Work to complete => Each line starting at the one that contains "move=> /eqP; rewrite mulf_eq0 (negbTE cij) subr_eq0 => /eqP e2." and ending at the one that contains "Lemma height_bary k" must be returned exactly, and the rest of the listing is left out.

Material provided =>
+ + + + +

Lemma neq_modn x y d : (x < y < x + d)%N -> x != y %[mod d].
Proof.
case/andP=> lt_xy lt_yx; rewrite -(subnKC (ltnW lt_xy)) -{1}[x]addn0 eqn_modDl mod0n.
by rewrite modn_small ?subn_eq0 -?ltnNge //; lia.
Qed.

Lemma eqmodS x y d : x = y %[mod d] -> x.+1 = y.+1 %[mod d].
Proof. by move=> e; rewrite -[x.+1]addn1 -[y.+1]addn1 -modnDml e modnDml. Qed.

Section Heights.
Variables (R : rcfType) (v : nat -> pt R) (n : nat).

Definition height (k : nat) (X : pt R) : R := - cross (edir v n k) (psub X (V v n k)).

Definition edge_pt (k : nat) (s : R) : pt R := padd (V v n k) (pscale s (edir v n k)).

Ltac pt_ring :=
  unfold height, edge_pt, padd, psub, pscale, cross; cbn [fst snd];
  repeat match goal with |- context [fst ?P] => case: P => [? ?]; cbn [fst snd] end;
  first [ring | congr (_, _); ring].

Lemma V_eqmod x y : x = y %[mod n] -> V v n x = V v n y.
Proof. by rewrite /V => ->. Qed.

Lemma edir_eqmod x y : x = y %[mod n] -> edir v n x = edir v n y.
Proof.
by move=> e; rewrite /edir (V_eqmod e) (V_eqmod (eqmodS e)).
Qed.

Lemma height_eqmod x y : x = y %[mod n] -> height x =1 height y.
Proof. by move=> e X; rewrite /height (V_eqmod e) (edir_eqmod e). Qed.

Lemma V_addn k : V v n (k + n) = V v n k.
Proof. by apply: V_eqmod; rewrite modnDr. Qed.

Lemma edge_pt0 k : edge_pt k 0 = V v n k.
Proof. by pt_ring. Qed.

Lemma edge_pt1 k : edge_pt k 1 = V v n k.+1.
Proof. by rewrite /edge_pt /edir; pt_ring. Qed.

Lemma edge_pt_succ k : edge_pt k 1 = edge_pt k.+1 0.
Proof. by rewrite edge_pt1 edge_pt0. Qed.

Lemma edge_pt_shift k s s' : edge_pt k s' = padd (edge_pt k s) (pscale (s' - s) (edir v n k)).
Proof. by pt_ring. Qed.

Lemma height_padd k P d s : height k (padd P (pscale s d)) = height k P - s * cross (edir v n k) d.
Proof. by pt_ring. Qed.

Lemma cross_edge_pt k s s' X :
  cross (psub (edge_pt k s) (edge_pt k s')) (psub X (edge_pt k s')) = (s' - s) * height k X.
Proof. by pt_ring. Qed.

Lemma cross_antisym (a b : pt R) : cross a b = - cross b a.
Proof. by pt_ring. Qed.

Lemma height_V k : height k (V v n k) = 0.
Proof. by pt_ring. Qed.

Lemma height_V_succ k : height k (V v n k.+1) = 0.
Proof. by rewrite -edge_pt1; pt_ring. Qed.

Lemma height_edge_pt m k s :
  height m (edge_pt k s) = (1 - s) * height m (V v n k) + s * height m (V v n k.+1).
Proof. by rewrite -edge_pt1; pt_ring. Qed.

Lemma height_edge_pt_self k s : height k (edge_pt k s) = 0.
Proof. by pt_ring. Qed.

Lemma height_pluecker i j m X Y :
  cross (edir v n i) (edir v n j) * (height m X - height m Y) =
  cross (edir v n i) (edir v n m) * (height j X - height j Y)
  - cross (edir v n j) (edir v n m) * (height i X - height i Y).
Proof. by pt_ring. Qed.

Lemma height_shift_cross i j X d s :
  height i X * height j (padd X (pscale s d)) - height i (padd X (pscale s d)) * height j X
  = s * (cross (edir v n i) d * height j X - cross (edir v n j) d * height i X).
Proof. by pt_ring. Qed.

Lemma height_inj i j X Y : cross (edir v n i) (edir v n j) != 0 ->
  height i X = height i Y -> height j X = height j Y -> X = Y.
Proof.
move=> cij ei ej.
have e1 : cross (edir v n i) (edir v n j) * (X.1 - Y.1) =
    (edir v n i).1 * (height j X - height j Y) - (edir v n j).1 * (height i X - height i Y).
  by pt_ring.
have e2 : cross (edir v n i) (edir v n j) * (X.2 - Y.2) =
    (edir v n i).2 * (height j X - height j Y) - (edir v n j).2 * (height i X - height i Y).
  by pt_ring.
move: e1 e2; rewrite ei ej !subrr !mulr0 subr0.
move=> /eqP; rewrite mulf_eq0 (negbTE cij) subr_eq0 => /eqP e1.
move=> /eqP; rewrite mulf_eq0 (negbTE cij) subr_eq0 => /eqP e2.
by rewrite [X]surjective_pairing e1 e2 -surjective_pairing.
Qed.

(* [M] has barycentric coordinates [(D - x - y, x, y) / D] in the triangle
   [I B J], where [D], [x], [y] are the cross products below. *)
Lemma height_bary k I B J M :
  cross (psub B I) (psub J I) * height k M =
  (cross (psub B I) (psub J I) - cross (psub M I) (psub J I) - cross (psub B I) (psub M I))
    * height k I
  + cross (psub M I) (psub J I) * height k B + cross (psub B I) (psub M I) * height k J.
Proof. by pt_ring. Qed.

Lemma cross_bary (I B J M : pt R) :
  cross (psub J B) (psub M B) =
  cross (psub B I) (psub J I) - cross (psub M I) (psub J I) - cross (psub B I) (psub M I).
Proof. by pt_ring. Qed.

Lemma cross_V_succ q P : cross (psub (V v n q) P) (psub (V v n q.+1) P) = - height q P.
Proof. by rewrite -edge_pt1; pt_ring. Qed.

Lemma cross_edir_V p x : cross (edir v n p) (psub (V v n x) (V v n p)) = - height p (V v n x).
Proof. by rewrite /height opprK. Qed.

Lemma cross_pluecker (a b c d : pt R) :
  cross a c * cross d b = cross a b * cross d c + cross b c * cross d a.
Proof. by pt_ring. Qed.

Lemma dl_height k X : 0 <= height k X ->
  dl v n k X = height k X / Num.sqrt (dot (edir v n k) (edir v n k)).
Proof. by move=> h; rewrite /dl /dist_line -/(edir v n k) -[cross _ _]opprK normrN ger0_norm. Qed.

Lemma dl_eqmod x y : x = y %[mod n] -> dl v n x =1 dl v n y.
Proof.
by move=> e X; rewrite /dl (V_eqmod e) (V_eqmod (eqmodS e)).
Qed.

Section Convex.
Hypothesis convex : convex_cw_polygon v n.

Lemma height_vertex_gt0_mod k p :
  p != k %[mod n] -> p != k.+1 %[mod n] -> 0 < height k (V v n p).
Proof.
have n_gt0 : (0 < n)%N by case: convex => /ltnW/ltnW.
have e : k %% n = k %[mod n] by rewrite modn_mod.
move=> hk hk1; have [_ /(_ (k %% n)%N (p %% n)%N)] := convex.
rewrite !ltn_pmod // -/(V v n p) (edir_eqmod e) (V_eqmod e) oppr_gt0.
by apply=> //; apply: contra hk1 => /eqP->; rewrite (eqmodS e).
Qed.

Lemma height_vertex_gt0 k p : (k.+1 < p < k + n)%N -> 0 < height k (V v n p).
Proof.
move=> hp; apply: height_vertex_gt0_mod; rewrite eq_sym; apply: neq_modn; lia.
Qed.

Lemma height_vertex_ge0 k p : 0 <= height k (V v n p).
Proof.
have [e|hk] := eqVneq (p %% n)%N (k %% n)%N; first by rewrite (V_eqmod e) height_V.
have [e|hk1] := eqVneq (p %% n)%N (k.+1 %% n)%N; first by rewrite (V_eqmod e) height_V_succ.
exact/ltW/height_vertex_gt0_mod.
Qed.

Lemma height_edge_pt_ge0 m k s : 0 <= s <= 1 -> 0 <= height m (edge_pt k s).
Proof.
case/andP=> s_ge0 s_le1; rewrite height_edge_pt.
by apply: addr_ge0; apply: mulr_ge0; rewrite ?subr_ge0 ?height_vertex_ge0.
Qed.

Lemma inP_edge_pt k s : 0 <= s <= 1 -> inP v n (edge_pt k s).
Proof. by move=> hs q _; rewrite -oppr_ge0; apply: height_edge_pt_ge0. Qed.

Lemma inP_height X k : inP v n X -> 0 <= height k X.
Proof.
have n_gt0 : (0 < n)%N by case: convex => /ltnW/ltnW.
move=> hX; rewrite (height_eqmod (esym (modn_mod k n))) oppr_ge0.
exact/hX/ltn_pmod.
Qed.

Lemma cross_vertices_lt0 p q r : (p < q < r)%N -> (r < p + n)%N ->
  cross (psub (V v n q) (V v n p)) (psub (V v n r) (V v n p)) < 0.
Proof.
elim: r => [|r IH] /andP[lt_pq lt_qr] lt_r; first by [].
have Vp_gt0 k : (p < k)%N -> (k.+1 < p + n)%N -> 0 < height k (V v n p).
  by move=> *; rewrite -V_addn; apply: height_vertex_gt0; lia.
have [->|ne_qr] := eqVneq q r.
  by rewrite cross_V_succ oppr_lt0 Vp_gt0 //; lia.
have := cross_pluecker (psub (V v n q) (V v n p)) (psub (V v n r) (V v n p))
  (psub (V v n r.+1) (V v n p)) (edir v n p).
rewrite !cross_edir_V cross_V_succ.
have hqr : cross (psub (V v n q) (V v n p)) (psub (V v n r) (V v n p)) < 0 by apply: IH; lia.
have hr : 0 < height r (V v n p) by apply: Vp_gt0; lia.
have hpr : 0 < height p (V v n r) by apply: height_vertex_gt0; lia.
have hpr1 : 0 < height p (V v n r.+1) by apply: height_vertex_gt0; lia.
have hpq := height_vertex_ge0 p q.
(* both products on the right of the Pluecker identity are positive *)
nra.
Qed.

Lemma edir_dot_gt0 k : 0 < dot (edir v n k) (edir v n k).
Proof.
have : 0 < height k (V v n k.+2).
  by apply: height_vertex_gt0; case: convex => ? _; lia.
rewrite /height /dot /cross; case: (edir v n k) => a b /= h.
rewrite ltNge; apply/negP => h0.
have a0 : a = 0 by nra.
have b0 : b = 0 by nra.
by move: h; rewrite a0 b0 !mul0r subrr oppr0 ltxx.
Qed.

Lemma disprod_height i j X : inP v n X ->
  disprod v n i j X = height i X * height j X /
    (Num.sqrt (dot (edir v n i) (edir v n i)) * Num.sqrt (dot (edir v n j) (edir v n j))).
Proof.
by move=> hX; rewrite /disprod !dl_height ?inP_height // mulrACA invfM.
Qed.

Lemma ltr_disprod i j X Y : inP v n X -> inP v n Y ->
  (disprod v n i j X < disprod v n i j Y) = (height i X * height j X < height i Y * height j Y).
Proof.
move=> hX hY; rewrite !disprod_height // ltr_pM2r // invr_gt0.
by apply: mulr_gt0; rewrite sqrtr_gt0 edir_dot_gt0.
Qed.

Lemma ler_disprod i j X Y : inP v n X -> inP v n Y ->
  (disprod v n i j X <= disprod v n i j Y) = (height i X * height j X <= height i Y * height j Y).
Proof.
move=> hX hY; rewrite !disprod_height // ler_pM2r // invr_gt0.
by apply: mulr_gt0; rewrite sqrtr_gt0 edir_dot_gt0.
Qed.

End Convex.

End Heights.

(* Indices are shifted so that the arc runs from [v_a] through the edges
   [a, ..., a + L - 1] to [v_(a + L)]: then [e_i] is edge [a + L] and [e_j] is
   edge [a + n - 1], i.e. the edge just before [v_a].  [I = l_i /\ l_j] is the
   point of parameter [t0] on [l_i]. *)
Section Arc.
Variables (R : rcfType) (v : nat -> pt R) (n a b : nat) (t0 : R).
Hypothesis convex : convex_cw_polygon v n.

Local Notation L := (arc_len n a b).
Local Notation i := (a + arc_len n a b)%N.
Local Notation j := (a + n.-1)%N.
Local Notation h := (height v n).
Local Notation E k s := (edge_pt v n (a + k) s).
Local Notation I := (edge_pt v n i t0).
Local Notation c := (cross (edir v n i) (edir v n j)).

Hypothesis L_lt : (L.+1 < n)%N.
Hypothesis c_neq0 : c != 0.
Hypothesis t0_ge1 : 1 <= t0.
Hypothesis I_on_lj : on_line v n j I.

Lemma n_ge3 : (3 <= n)%N. Proof. by case: convex. Qed.

Lemma height_i_I : h i I = 0.
Proof. exact: height_edge_pt_self. Qed.

Lemma height_j_I : h j I = 0.
Proof. by rewrite /height I_on_lj oppr0. Qed.

Lemma height_j_Vi : h j (V v n i) = - t0 * c.
Proof.
have := height_j_I; rewrite /edge_pt height_padd cross_antisym mulrN opprK.
by move/eqP; rewrite addr_eq0 => /eqP ->; rewrite mulNr.
Qed.

Lemma t0_gt0 : 0 < t0.
Proof. exact: lt_le_trans ltr01 t0_ge1. Qed.

Lemma c_lt0 : c < 0.
Proof.
have := height_vertex_ge0 convex j i; rewrite height_j_Vi mulNr oppr_ge0.
by rewrite pmulr_rle0 ?t0_gt0 // le_eqVlt (negbTE c_neq0).
Qed.

Lemma L_gt0 : (0 < L)%N.
Proof.
rewrite lt0n; apply/eqP => L0; have := height_j_Vi.
have -> : V v n i = V v n j.+1 by rewrite L0 addn0 -V_addn; congr V; lia.
rewrite height_V_succ => /esym/eqP; rewrite mulNr oppr_eq0 mulf_eq0 (negbTE c_neq0).
by rewrite orbF gt_eqF // t0_gt0.
Qed.

Lemma height_pluecker_I m X :
  c * (h m X - h m I) = cross (edir v n i) (edir v n m) * h j X - cross (edir v n j) (edir v n m) * h i X.
Proof. by rewrite height_pluecker height_i_I height_j_I !subr0. Qed.


Lemma height_I_arc_gt0_adjacent k : L.+2 = n -> (k < L)%N -> 0 < h (a + k) I.
Proof.
move=> adj hk; have ji : j = i.+1 by lia.
have t01 : t0 = 1.
  have hV : h j (V v n i.+1) = 0 by rewrite {1}ji height_V.
  have := height_j_I; rewrite height_edge_pt hV height_j_Vi mulr0 addr0.
  move/eqP; rewrite !mulf_eq0 oppr_eq0 (negbTE c_neq0) (gt_eqF t0_gt0) subr_eq0 !orbF.
  by move/eqP.
by rewrite t01 edge_pt1 -ji; apply: (height_vertex_gt0 convex); lia.
Qed.

(* In barycentric coordinates for the triangle [I], [B = v_(i+1)], [J = v_j],
   the vertex [M = v_(a+k)] lies in the angle at [I] ([x, y >= 0]) and beyond
   [BJ] ([x + y > D]).  The height over [l_(a+k)] vanishes at [M] and is positive
   at [B] and [J], so it must be positive at [I]. *)
Lemma height_I_arc_gt0_far k : (L.+2 < n)%N -> (k < L)%N -> 0 < h (a + k) I.
Proof.
move=> far hk; have L0 := L_gt0.
set B := V v n i.+1; set J := V v n j; set M := V v n (a + k).
have hiJ : 0 < h i J by apply: (height_vertex_gt0 convex); lia.
have hjB : 0 < h j B by rewrite /B -V_addn; apply: (height_vertex_gt0 convex); lia.
have hmB : 0 < h (a + k) B by apply: (height_vertex_gt0 convex); lia.
have hmJ : 0 < h (a + k) J by apply: (height_vertex_gt0 convex); lia.
have t0_gt1 : 1 < t0.
  rewrite lt_def t0_ge1 andbT; apply: contraTneq hjB => t01.
  by rewrite /B -edge_pt1 -t01 height_j_I ltxx.
have D_gt0 : 0 < cross (psub B I) (psub J I).
  by rewrite /B -edge_pt1 cross_edge_pt mulr_gt0 // subr_gt0.
set D := cross (psub B I) (psub J I) in D_gt0 *.
set x := cross (psub M I) (psub J I); set y := cross (psub B I) (psub M I).
have y_ge0 : 0 <= y.
  have := height_bary v n i I B J M.
  rewrite height_i_I /B height_V_succ -/B !mulr0 !add0r => e.
  rewrite -(pmulr_lge0 _ hiJ) -e; apply: mulr_ge0; first exact: ltW.
  exact: height_vertex_ge0.
have x_ge0 : 0 <= x.
  have := height_bary v n j I B J M.
  rewrite height_j_I /J height_V -/J !mulr0 addr0 add0r => e.
  rewrite -(pmulr_lge0 _ hjB) -e; apply: mulr_ge0; first exact: ltW.
  exact: height_vertex_ge0.
have BJM_lt0 : cross (psub J B) (psub M B) < 0.
  by rewrite /M -[V v n (a + k)]V_addn; apply: (cross_vertices_lt0 convex); lia.
have Dxy : D < x + y by move: BJM_lt0; rewrite (cross_bary I) -/D -/x -/y; lra.
apply: (apex_gt0 D_gt0 x_ge0 y_ge0 Dxy hmB hmJ).
by rewrite -height_bary /M height_V mulr0.
Qed.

+ + + + +

Solution to this task =>
move=> /eqP; rewrite mulf_eq0 (negbTE cij) subr_eq0 => /eqP e2.
by rewrite [X]surjective_pairing e1 e2 -surjective_pairing.
Qed.

(* [M] has barycentric coordinates [(D - x - y, x, y) / D] in the triangle
   [I B J], where [D], [x], [y] are the cross products below. *)
Lemma height_bary k I B J M :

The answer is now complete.